== EXERCISE BRIEF ==
From the entries below, please output exactly the lines starting at the one containing "(forall z : R[i], z" and ending at the one containing "q(z) q(-z) <> 0, i.e.", both included.

(Beginning of EXCERPTED RECORDS)

(* Let $H$ be a 0-SYM filter such that: - $\operatorname{sign}(H(i))=1$; - the set of solutions of $H(z)=1$ lying on the unit circle $\{|z|=1\}$ is exactly $\{1\}$. Then $H(e^{i\xi})>0$ for all $\xi\in(-\pi,\pi)$.
   Context: A 0-SYM filter is a rational function $H(z)$ with real coefficients satisfying $H(z)^2+H(-z)^2=1$ and $H(z)=H(z^{-1})$. For such $H$ one has $H(i)=\pm1/\sqrt2$. *)

From HB Require Import structures.
From mathcomp Require Import all_boot all_order all_algebra.
From mathcomp Require Import all_classical all_reals all_analysis.
From mathcomp Require Import complex.
Set Implicit Arguments. Unset Strict Implicit. Unset Printing Implicit Defensive.
Import Order.TTheory GRing.Theory Num.Theory.
Local Open Scope ring_scope.

(* A rational function with real coefficients, given in reduced form p/q,
   evaluated at a complex point z (value p(z)/q(z); it is only meaningful
   when q(z) <> 0). *)
Definition ratf_eval (R : realType) (p q : {poly R}) (z : R[i]) : R[i] :=
  (map_poly (real_complex R) p).[z] / (map_poly (real_complex R) q).[z].

Definition ratf_dom (R : realType) (q : {poly R}) (z : R[i]) : Prop :=
  (map_poly (real_complex R) q).[z] != 0.

(* 0-SYM filter: H(z)^2 + H(-z)^2 = 1 and H(z) = H(z^-1), as identities of
   rational functions; for p/q in lowest terms (q <> 0, coprime p q) this is
   equivalent to the identities holding at every point where both sides are
   defined. *)
Definition zero_sym (R : realType) (p q : {poly R}) : Prop :=
  [/\ q != 0, coprimep p q,
      (forall z : R[i], ratf_dom q z -> ratf_dom q (- z) ->
         ratf_eval p q z ^+ 2 + ratf_eval p q (- z) ^+ 2 = 1) &
      (forall z : R[i], z != 0 -> ratf_dom q z -> ratf_dom q z^-1 ->
         ratf_eval p q z = ratf_eval p q z^-1)].

Definition expi (R : realType) (xi : R) : R[i] := (cos xi +i* sin xi)%C.

(* On the unit circle H is real: H(z) = H(1/z) = H(conj z) = conj (H z) for
   |z| = 1, since p and q have real coefficients.  The identity
   H(z)^2 + H(-z)^2 = 1 then gives |p| <= |q| at every point of the circle where
   q(z) q(-z) <> 0, i.e. everywhere but at finitely many points; near a zero of q
   (which is not a zero of p) we would have |p| > |q|, so q has no zero on the
   circle.  Hence h(t) := H(e^{it}) is real, even and continuous, with
   h(t)^2 + h(t - pi)^2 = 1.  For 0 < t < pi neither e^{it} nor e^{i(t - pi)}
   is 1, so neither term equals 1, which excludes h(t) + h(t - pi) = 1 (with the sum
   of squares it would force one term to be 0 and the other 1).  At
   t = pi/2 both terms equal H(i) > 0, so the sum is sqrt 2 > 1; by the
   intermediate value theorem the sum exceeds 1 on all of (0, pi), which
   forces h(t) > 0 there; evenness covers (-pi, 0) and H(1) = 1. *)

From HB Require Import structures.
From mathcomp Require Import all_boot all_order all_algebra.
From mathcomp Require Import all_classical all_reals all_analysis.
From mathcomp Require Import complex.
From mathcomp Require Import ring lra.
Set Implicit Arguments. Unset Strict Implicit. Unset Printing Implicit Defensive.
Import Order.TTheory GRing.Theory Num.Theory.
Import numFieldNormedType.Exports.
Local Open Scope ring_scope.
Local Open Scope complex_scope.
Local Notation Re := (@complex.Re _).
Local Notation Im := (@complex.Im _).

Section ComplexArithmetic.
Variable R : rcfType.
Implicit Types (a b w : R[i]) (x : R).

Lemma ReD a b : Re (a + b) = Re a + Re b. Proof. by case: a => ? ?; case: b. Qed.
Lemma ImD a b : Im (a + b) = Im a + Im b. Proof. by case: a => ? ?; case: b. Qed.
Lemma ReM a b : Re (a * b) = Re a * Re b - Im a * Im b.
Proof. by case: a => ? ?; case: b. Qed.
Lemma ImM a b : Im (a * b) = Re a * Im b + Im a * Re b.
Proof. by case: a => ? ?; case: b. Qed.

Definition sqnormc a : R := Re a ^+ 2 + Im a ^+ 2.

Lemma sqnormcM a b : sqnormc (a * b) = sqnormc a * sqnormc b.
Proof. by rewrite /sqnormc ReM ImM; ring. Qed.

Lemma sqnormc_real x : sqnormc x%:C = x ^+ 2.
Proof. by rewrite /sqnormc /= expr0n addr0. Qed.

Lemma sqnormc_ge0 a : 0 <= sqnormc a.
Proof. by rewrite addr_ge0 ?sqr_ge0. Qed.

Lemma sqnormc_gt0 a : a != 0 -> 0 < sqnormc a.
Proof.
case: a => a1 a2 a0; rewrite /sqnormc /= lt_def addr_ge0 ?sqr_ge0 // andbT.
rewrite paddr_eq0 ?sqr_ge0 // !sqrf_eq0.
by apply: contra a0 => /andP[/eqP-> /eqP->].
Qed.

Lemma Re_div a b : Re (a / b) = (Re a * Re b + Im a * Im b) / sqnormc b.
Proof. by case: a => a1 a2; case: b => b1 b2; rewrite /sqnormc /=; ring. Qed.

Lemma conjc_eq_real a : a^* = a -> a = (Re a)%:C.
Proof.
by case: a => a1 a2 /= [] h; apply/eqP; rewrite eq_complex /= eqxx /=; apply/eqP; lra.
Qed.

Lemma invc_unit_norm w : w * w^* = 1 -> w^-1 = w^*.
Proof.
move=> ww; have w0 : w != 0.
  by apply: contra_eq_neq ww => ->; rewrite mul0r eq_sym oner_neq0.
by apply: (mulfI w0); rewrite divff.
Qed.

Lemma sg_realc_eq1 x : (Num.sg x%:C == 1) = (0 < x).
Proof.
rewrite sgr_def ltcR.
have [x0|x0|->] := ltrgtP x 0; last by rewrite eqxx /= eq_sym oner_eq0.
  have xC0 : x%:C != 0 by rewrite eq_complex /= (lt_eqF x0).
  by rewrite xC0 expr1 mulr1n eq_sym -addr_eq0 (_ : 1 + 1 = 2%:R) // pnatr_eq0.
have xC0 : x%:C != 0 by rewrite eq_complex /= (gt_eqF x0).
by rewrite xC0 expr0 mulr1n eqxx.
Qed.

Lemma conjc_horner (p : {poly R}) w :
  (map_poly (real_complex R) p).[w]^* = (map_poly (real_complex R) p).[w^*].
Proof.
rewrite -horner_map /= -map_poly_comp; congr (_.[_]).
by apply: eq_map_poly => x /=; exact: conjc_real.
Qed.

End ComplexArithmetic.

Section UnitCircle.
Variable R : realType.
Implicit Types (s t : R).

Lemma expi0 : expi 0 = 1 :> R[i].
Proof. by rewrite /expi cos0 sin0. Qed.

Lemma expi_pihalf : expi (pi / 2) = 'i :> R[i].
Proof. by rewrite /expi cos_pihalf sin_pihalf. Qed.

Lemma expiDpi t : expi (t + pi) = - expi t.
Proof. by apply/eqP; rewrite eq_complex /= cosDpi sinDpi !eqxx. Qed.

Lemma conjc_expi t : (expi t)^* = expi (- t).
Proof. by apply/eqP; rewrite eq_complex /= cosN sinN !eqxx. Qed.

Lemma expi_mul_conjc t : expi t * (expi t)^* = 1.
Proof.
apply/eqP; rewrite eq_complex /= mulrN opprK -!expr2 cos2Dsin2 eqxx /=.
by rewrite mulrN mulrC addNr.
Qed.

Lemma normc_expi t : `|expi t| = 1.
Proof. by rewrite normcE expi_mul_conjc sqrtc1. Qed.

Lemma expi_neq s t : 0 < t - s < pi -> expi t != expi s.
Proof.
move=> hst; apply/eqP => -[ct st].
by have := sin_gt0_pi hst; rewrite sinB ct st [X in X - _]mulrC subrr ltxx.
Qed.

Lemma continuous_horner (P : {poly R[i]}) (w : R -> R[i]) :
    continuous (fun t => Re (w t)) -> continuous (fun t => Im (w t)) ->
  continuous (fun t => Re P.[w t]) /\ continuous (fun t => Im P.[w t]).
Proof.
move=> cRe cIm; elim/poly_ind: P => [|P c [IHRe IHIm]].
  by split=> t; under eq_fun do rewrite horner0; exact: cvg_cst.
have -> : (fun t => Re (P * 'X + c%:P).[w t]) =
    (fun t => Re P.[w t] * Re (w t) - Im P.[w t] * Im (w t) + Re c).
  by apply: funext => t; rewrite hornerMXaddC ReD ReM.
have -> : (fun t => Im (P * 'X + c%:P).[w t]) =
    (fun t => Re P.[w t] * Im (w t) + Im P.[w t] * Re (w t) + Im c).
  by apply: funext => t; rewrite hornerMXaddC ImD ImM.
split=> t; apply: cvgD; try exact: cvg_cst.
- by apply: cvgB; apply: cvgM; [exact: IHRe | exact: cRe | exact: IHIm | exact: cIm].
- by apply: cvgD; apply: cvgM; [exact: IHRe | exact: cIm | exact: IHIm | exact: cRe].
Qed.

(End of EXCERPTED RECORDS)

== RESPONSE AREA ==
      (forall z : R[i], z != 0 -> ratf_dom q z -> ratf_dom q z^-1 ->
         ratf_eval p q z = ratf_eval p q z^-1)].

Definition expi (R : realType) (xi : R) : R[i] := (cos xi +i* sin xi)%C.

(* On the unit circle H is real: H(z) = H(1/z) = H(conj z) = conj (H z) for
   |z| = 1, since p and q have real coefficients.  The identity
   H(z)^2 + H(-z)^2 = 1 then gives |p| <= |q| at every point of the circle where
   q(z) q(-z) <> 0, i.e. everywhere but at finitely many points; near a zero of q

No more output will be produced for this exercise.